Some of these books are more heavily researched and scholarly than others.  Some of these present capoeira from the viewpoint of the author, who is a capoeira teacher.  This represents their own vision of capoeira, which may disagree with what others write.

There are also many music CDs of capoeira music, put out by various capoeira groups.

Hope this helps.

Michael


----------



## MartialIntent

I understand your predicament insofar as trying to separate the music and instruments from the play in Capoeira is like trying to separate a wave from the sea. I certainly defer to Michael's greater knowledge of the subject though if I could make one other suggestion that might fit in, it would be to perhaps include something of the particulars of the rhythms. Here's a snippet from this short article http://pertout.customer.netspace.net.au/lberimbau.htm ...

_The berimbau can produce distinctive rhythms called toques that are easily recognised by the Capoeristas (game participants). Some of this toques de berimbau are common to all schools, while others are developed by different mestres (masters) and played by their students. Some of these rhythms are related to African nations such as Angola and Ijexa, some refer to Catholic saints, while some were used to alert the participants. As an example the rhythms known as Aviso and Cavalaria were used traditionally to advice the participants of the arrival of a stranger, the police, or the cavalry squadron to the circle. _
​If you do rework your essay, please do post your updated version.

Respects!


----------



## Casey_Sutherland

Hi, Thank you for all of your support. I am re-posting my essay now that it has been edited a bit. I would have liked to focus more on the artistic aspect of capoeira but once I consulted my professor she told me I needed to focus more so on the aspects on of the instruments, organologically. Here it is, thank you all again


----------



## MartialIntent

Casey_Sutherland said:
			
		

> Hi, Thank you for all of your support. I am re-posting my essay now that it has been edited a bit. I would have liked to focus more on the artistic aspect of capoeira but once I consulted my professor she told me I needed to focus more so on the aspects on of the instruments, organologically. Here it is, thank you all again


Casey - it's evident you've put more focus on the organology of the instruments. Hopefully this should serve you well with your prof. 

If I could just make one comment [purely as a layperson you understand!] I cut all the quotation from the essay leaving only your own commentary and perspective but this amounts to only 44% of your 2000-odd words. I appreciate this balance is a difficult one to strike [and you've done a decent job]. It seems a pity though that you weren't able to get your hands on any of the instruments yourself. 

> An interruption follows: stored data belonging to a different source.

(* Let $V$ be a real vector space of dimension $2n$ and $F=(0=V_0\subset V_1\subset\dots\subset V_{2n}=V)$ a full flag with $\dim V_j=j$. Let $\Omega(F)$ be the space of symplectic forms $\omega$ on $V$ such that $V_j$ is $\omega$-isotropic for $j\le n$, $V_j$ is $\omega$-coisotropic for $j\ge n$, and $V_j^{\perp_\omega}=V_{2n-j}$ for $j\le n$. For $\omega\in\Omega(F)$ and $0\le j\le n-1$, $\omega$ induces a symplectic form on the quotient $V_{2n-j}/V_j$, hence an orientation of it. Then the map sending $\omega$ to this $n$-tuple of orientations induces a bijection between the set of connected components of $\Omega(F)$ and the set of all $n$-tuples of orientations of the spaces $V_{2n-j}/V_j$, $j=0,\dots,n-1$ (every tuple occurs), and each connected component of $\Omega(F)$ is convex. *)

From HB Require Import structures.
From mathcomp Require Import all_boot all_order all_fingroup all_algebra.
From mathcomp Require Import all_classical all_reals all_analysis.
Set Implicit Arguments. Unset Strict Implicit. Unset Printing Implicit Defensive.
Import Order.TTheory GRing.Theory Num.Theory.
Local Open Scope ring_scope.
Local Open Scope classical_set_scope.

(* V = 'rV[R]_m (here m = 2n).  A bilinear form on V is given by its matrix W:
   omega(x, y) = x *m W *m y^T. *)

Definition rowN (R : pzRingType) (m : nat) (B : 'M[R]_m) (k : nat) : 'rV[R]_m :=
  oapp (fun i : 'I_m => row i B) 0 (insub k).

(* The full flag determined by an invertible matrix B :
   V_j = span of the first j rows of B (every full flag arises this way).
   flagsp B j is a square matrix whose row space is V_j. *)
Definition flagsp (R : pzRingType) (m : nat) (B : 'M[R]_m) (j : nat) : 'M[R]_m :=
  \matrix_(i, k) (if (i < j)%N then B i k else 0).

(* omega-orthogonal of the row space of A : {x | x *m W *m a^T = 0 for all rows a of A} *)
Definition perpmx (R : fieldType) (m : nat) (W A : 'M[R]_m) : 'M[R]_m :=
  kermx (W *m A^T).

Definition symplectic (R : fieldType) (m : nat) (W : 'M[R]_m) : Prop :=
  W^T = - W /\ W \in unitmx.

Definition Omega (R : fieldType) (n : nat) (B : 'M[R]_(2 * n)) : set 'M[R]_(2 * n) :=
  [set W | symplectic W
     /\ (forall j, (j <= n)%N -> flagsp B j *m W *m (flagsp B j)^T = 0)
     /\ (forall j, (n <= j <= 2 * n)%N -> (perpmx W (flagsp B j) <= flagsp B j)%MS)
     /\ (forall j, (j <= n)%N -> (perpmx W (flagsp B j) == flagsp B (2 * n - j))%MS)].

(* Evaluation of the top wedge power omega^(m/2) (up to a positive constant)
   on a family of m vectors, given the Gram values w a b = omega(v_a, v_b):
   sum_{s in S_m} sgn(s) prod_{i < m/2} w (s(2i)) (s(2i+1)). *)
Definition permN (m : nat) (s : 'S_m) (x : nat) : nat :=
  oapp (fun i : 'I_m => val (s i)) 0 (insub x).

Definition wedge_top (R : pzRingType) (m : nat) (w : nat -> nat -> R) : R :=
  \sum_(s : 'S_m) (-1) ^+ s * \prod_(i < m./2) w (permN s (2 * i)) (permN s (2 * i + 1)).

(* Orientation of V_{2n-j}/V_j induced by omega, encoded relative to the
   reference basis (images of rows j, ..., 2n-j-1 of B): true = positive,
   i.e. the volume form omega^(n-j) of the induced symplectic form is
   positive on the reference basis. *)
Definition induced_orientation (R : realFieldType) (n : nat) (B W : 'M[R]_(2 * n))
    (j : nat) : bool :=
  0 < wedge_top (2 * (n - j))
        (fun a b => (rowN B (j + a) *m W *m (rowN B (j + b))^T) 0 0).

From HB Require Import structures.
From mathcomp Require Import all_boot all_order all_fingroup all_algebra.
From mathcomp Require Import all_classical all_reals all_analysis.
From mathcomp Require Import zify lra.
Set Implicit Arguments. Unset Strict Implicit. Unset Printing Implicit Defensive.
Import Order.TTheory GRing.Theory Num.Theory.
Local Open Scope ring_scope.
Import numFieldNormedType.Exports.

(* Write the form omega in the basis b_0, ..., b_(2n-1) given by the rows of B,
   so that V_j is spanned by b_0, ..., b_(j-1).  Then omega lies in Omega(F)
   iff it is skew, its Gram matrix is anti-triangular (omega(b_a, b_b) = 0 for
   a + b < 2n - 1), and its n "pivots" omega(b_i, b_(2n-1-i)), i < n, are
   nonzero (OmegaE).  On the quotient V_(2n-j)/V_j the top wedge power of the
   induced form collapses to a product of pivots: in the Pfaffian-type sum only
   the anti-diagonal pairings survive and they all contribute the same term
   (wedge_top_antitriangular).  So the orientations are read off the signs of
   the pivots, and conversely by telescoping (orientations_same_signs); an
   anti-diagonal Gram matrix realizes any signs (orientations_surjective).
   Finally the pivots are continuous, linear in omega and nonvanishing on
   Omega(F), so its components are exactly the convex sets of forms with a
   given sign pattern (component_same_signs, component_convex). *)

Lemma permN_ord m (s : 'S_m) (x : 'I_m) : permN s x = s x.
Proof. by rewrite /permN; case: insubP => [y _ /val_inj ->|]; rewrite ?ltn_ord. Qed.

Lemma sum_by_pairs (f : nat -> nat) n :
  (\sum_(0 <= x < 2 * n) f x = \sum_(0 <= i < n) (f (2 * i) + f (2 * i + 1)))%N.
Proof.
elim: n => [|n IH]; first by rewrite !big_geq.
by rewrite (_ : 2 * n.+1 = (2 * n).+2)%N ?mulnS // !big_nat_recr //= IH addnA addn1.
Qed.

Section AntidiagonalPairings.
Variable k : nat.
Local Notation m := (2 * k)%N.

Fact pair_fst_subproof (i : 'I_k) : (2 * i < m)%N. Proof. by have := ltn_ord i; lia. Qed.
Fact pair_snd_subproof (i : 'I_k) : (2 * i + 1 < m)%N. Proof. by have := ltn_ord i; lia. Qed.
Fact pair_of_subproof (x : 'I_m) : (x./2 < k)%N. Proof. by have := ltn_ord x; lia. Qed.
Definition pair_fst (i : 'I_k) : 'I_m := Ordinal (pair_fst_subproof i).
Definition pair_snd (i : 'I_k) : 'I_m := Ordinal (pair_snd_subproof i).
Definition pair_of (x : 'I_m) : 'I_k := Ordinal (pair_of_subproof x).

Lemma pair_of_fst i : pair_of (pair_fst i) = i. Proof. by apply: val_inj => /=; lia. Qed.
Lemma pair_of_snd i : pair_of (pair_snd i) = i. Proof. by apply: val_inj => /=; lia. Qed.
Lemma odd_pair_fst i : odd (pair_fst i) = false. Proof. by rewrite /=; lia. Qed.
Lemma odd_pair_snd i : odd (pair_snd i) = true. Proof. by rewrite /=; lia. Qed.
Lemma pair_fst_inj : injective pair_fst.
Proof. by move=> i j /(congr1 val) /= e; apply: val_inj => /=; lia. Qed.
Lemma pair_snd_inj : injective pair_snd.
Proof. by move=> i j /(congr1 val) /= e; apply: val_inj => /=; lia. Qed.
Lemma pair_fst_snd i j : pair_fst i != pair_snd j.
Proof. by apply/eqP => /(congr1 val) /=; lia. Qed.

Lemma pairP (P : 'I_m -> Prop) :
  (forall i, P (pair_fst i)) -> (forall i, P (pair_snd i)) -> forall x, P x.
Proof.
move=> Pfst Psnd x.
have -> : x = if odd x then pair_snd (pair_of x) else pair_fst (pair_of x).
  by apply: val_inj; case: ifP => /= ?; lia.
by case: ifP.
Qed.

Definition lift_pairs_fun (r : 'S_k) (x : 'I_m) : 'I_m :=
  if odd x then pair_snd (r (pair_of x)) else pair_fst (r (pair_of x)).

Lemma lift_pairs_fun_inj r : injective (lift_pairs_fun r).
Proof.
apply: pairP => i; apply: pairP => j;
  rewrite /lift_pairs_fun ?odd_pair_fst ?odd_pair_snd ?pair_of_fst ?pair_of_snd.
- by move/pair_fst_inj/perm_inj ->.
- by move/eqP; rewrite (negbTE (pair_fst_snd _ _)).
- by move/eqP; rewrite eq_sym (negbTE (pair_fst_snd _ _)).
- by move/pair_snd_inj/perm_inj ->.
Qed.

Definition lift_pairs r : 'S_m := perm (@lift_pairs_fun_inj r).

Lemma lift_pairs_fst r i : lift_pairs r (pair_fst i) = pair_fst (r i).
Proof. by rewrite permE /lift_pairs_fun odd_pair_fst pair_of_fst. Qed.
Lemma lift_pairs_snd r i : lift_pairs r (pair_snd i) = pair_snd (r i).
Proof. by rewrite permE /lift_pairs_fun odd_pair_snd pair_of_snd. Qed.

(* Lifting is a group morphism, and lifts of transpositions are products of
   two transpositions; hence every lift is even. *)
Lemma lift_pairsM r1 r2 : lift_pairs (r1 * r2)%g = (lift_pairs r1 * lift_pairs r2)%g.
Proof.
apply/permP; apply: pairP => i;
  by rewrite permM ?lift_pairs_fst ?lift_pairs_snd permM.
Qed.

Lemma lift_pairs_tperm a b :
  lift_pairs (tperm a b) = (tperm (pair_fst a) (pair_fst b) * tperm (pair_snd a) (pair_snd b))%g.
Proof.
apply/permP; apply: pairP => i; rewrite permM ?lift_pairs_fst ?lift_pairs_snd.
  by rewrite -(inj_tperm _ _ _ pair_fst_inj) [RHS]tpermD // eq_sym pair_fst_snd.
by rewrite [tperm (pair_fst a) _ _]tpermD ?pair_fst_snd // -(inj_tperm _ _ _ pair_snd_inj).
Qed.

Lemma odd_lift_pairs r : odd_perm (lift_pairs r) = false.
Proof.
have [ts -> _] := prod_tpermP r; elim: ts => [|[a b] ts IH].
  rewrite big_nil (_ : lift_pairs 1 = 1)%g ?odd_perm1 //.
  by apply/permP; apply: pairP => i; rewrite perm1 ?lift_pairs_fst ?lift_pairs_snd perm1.
rewrite big_cons lift_pairsM odd_permM IH lift_pairs_tperm odd_permM !odd_tperm /=.
by rewrite (inj_eq pair_fst_inj) (inj_eq pair_snd_inj) addbb.
Qed.

(* The reference pairing: pair i is sent to the anti-diagonal cell (i, 2k-1-i). *)
Fact antidiag_subproof (x : 'I_m) : ((if odd x then m.-1 - x./2 else x./2) < m)%N.
Proof. by have := ltn_ord x; case: ifP; lia. Qed.
Definition antidiag_fun (x : 'I_m) : 'I_m := Ordinal (antidiag_subproof x).
Lemma antidiag_fun_inj : injective antidiag_fun.
Proof.
move=> x y /(congr1 val) /=; have := ltn_ord x; have := ltn_ord y.
by move=> ? ? e; apply: val_inj; move: e; case: ifP => ?; case: ifP => ? /= ?; lia.
Qed.
Definition antidiag_perm : 'S_m := perm antidiag_fun_inj.

Lemma antidiag_perm_fst i : val (antidiag_perm (pair_fst i)) = i.
Proof. by rewrite permE /= (_ : odd (2 * i) = false) /=; lia. Qed.
Lemma antidiag_perm_snd i : val (antidiag_perm (pair_snd i)) = (m.-1 - i)%N.
Proof. by rewrite permE /= (_ : odd (2 * i + 1) = true) /=; lia. Qed.

Definition antidiagonal (s : 'S_m) :=
  [forall i : 'I_k, (s (pair_fst i) + s (pair_snd i) == m.-1)%N].

Lemma antidiagonal_antidiag_perm : antidiagonal antidiag_perm.
Proof.
apply/forallP => i; rewrite antidiag_perm_fst antidiag_perm_snd.
by apply/eqP; have := ltn_ord i; lia.
Qed.

Lemma sum_pair_values (s : 'S_m) :
  (\sum_(i < k) (s (pair_fst i) + s (pair_snd i)) = k * m.-1)%N.
Proof.
have -> : (\sum_(i < k) (s (pair_fst i) + s (pair_snd i)) = \sum_(x < m) s x)%N.
  rewrite (eq_bigr (fun x : 'I_m => permN s x)); last by move=> x _; rewrite permN_ord.
  rewrite -(big_mkord xpredT (permN s)) sum_by_pairs big_mkord.
  by apply: eq_bigr => i _; rewrite -(permN_ord s (pair_fst i)) -(permN_ord s (pair_snd i)).
rewrite [RHS](_ : _ = \sum_(x < m) x)%N; first by rewrite [RHS](reindex_perm s).
rewrite -(big_mkord xpredT (fun x => x)) bin2_sum bin2 -mulnA.
by rewrite [X in X./2]mul2n doubleK.
Qed.

Variables (R : comPzRingType) (w : nat -> nat -> R).
Hypothesis w_antitriangular :
  forall a b, (a < m)%N -> (b < m)%N -> (a + b < m.-1)%N -> w a b = 0.
Hypothesis w_skew : forall a b, (a < m)%N -> (b < m)%N -> w a b = - w b a.

Definition pairing_term (s : 'S_m) :=
  (-1) ^+ s * \prod_(i < k) w (s (pair_fst i)) (s (pair_snd i)).

Lemma wedge_topE : wedge_top m w = \sum_(s : 'S_m) pairing_term s.
Proof.
apply: eq_bigr => s _; congr (_ * _).
rewrite (_ : m./2 = k); last by lia.
rewrite -(big_mkord xpredT (fun i => w (permN s (2 * i)) (permN s (2 * i + 1)))) big_mkord.
by apply: eq_bigr => i _; rewrite -(permN_ord s (pair_fst i)) -(permN_ord s (pair_snd i)).
Qed.

(* Only anti-diagonal pairings contribute: otherwise some pair sum is below
   2k-1, since the pair sums are all >= 2k-1 only if they all equal 2k-1. *)
Lemma pairing_term_nonantidiagonal s : ~~ antidiagonal s -> pairing_term s = 0.
Proof.
move=> not_anti.
have [/existsP [i low]|] := boolP [exists i : 'I_k, (s (pair_fst i) + s (pair_snd i) < m.-1)%N].
  by rewrite /pairing_term (bigD1 i) //= w_antitriangular ?ltn_ord // mul0r mulr0.
move=> /existsPn high; case/negP: not_anti; apply/forallP => i.
have ge (j : 'I_k) : (m.-1 <= s (pair_fst j) + s (pair_snd j))%N by rewrite leqNgt high.
have [_] := leqif_sum (fun j (_ : true) => leqif_eq (ge j)).
rewrite sum_pair_values sum_nat_const card_ord eqxx => /esym/forallP all_eq.
by rewrite eq_sym (implyP (all_eq i)).
Qed.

Plenty of cheapies like this [hope it's still listed]: 
http://cgi.ebay.com/BERIMBAU-BRAZIL-3-5-DAYS-capoeira-NEW-SHIPPING-PRICE_W0QQitemZ7395016956QQcategoryZ622QQssPageNameZWDVWQQrdZ1QQcmdZViewItem

- a first-hand perspective I feel would be invaluable in tying together that existing research and quotation. But then so many have written extensively on Abe Lincoln and never had that actual pleasure so I suppose it's a moot point!

I'm not certain in what health the Martial Talk Capoeira community is in. Have you tried directing your questions to any of the other fora? 
http://www.capoeira.com/forum.php 
or the smaller [but my favorite] http://www.beribazu.co.uk/forum/

There are several others as I'm sure you're aware.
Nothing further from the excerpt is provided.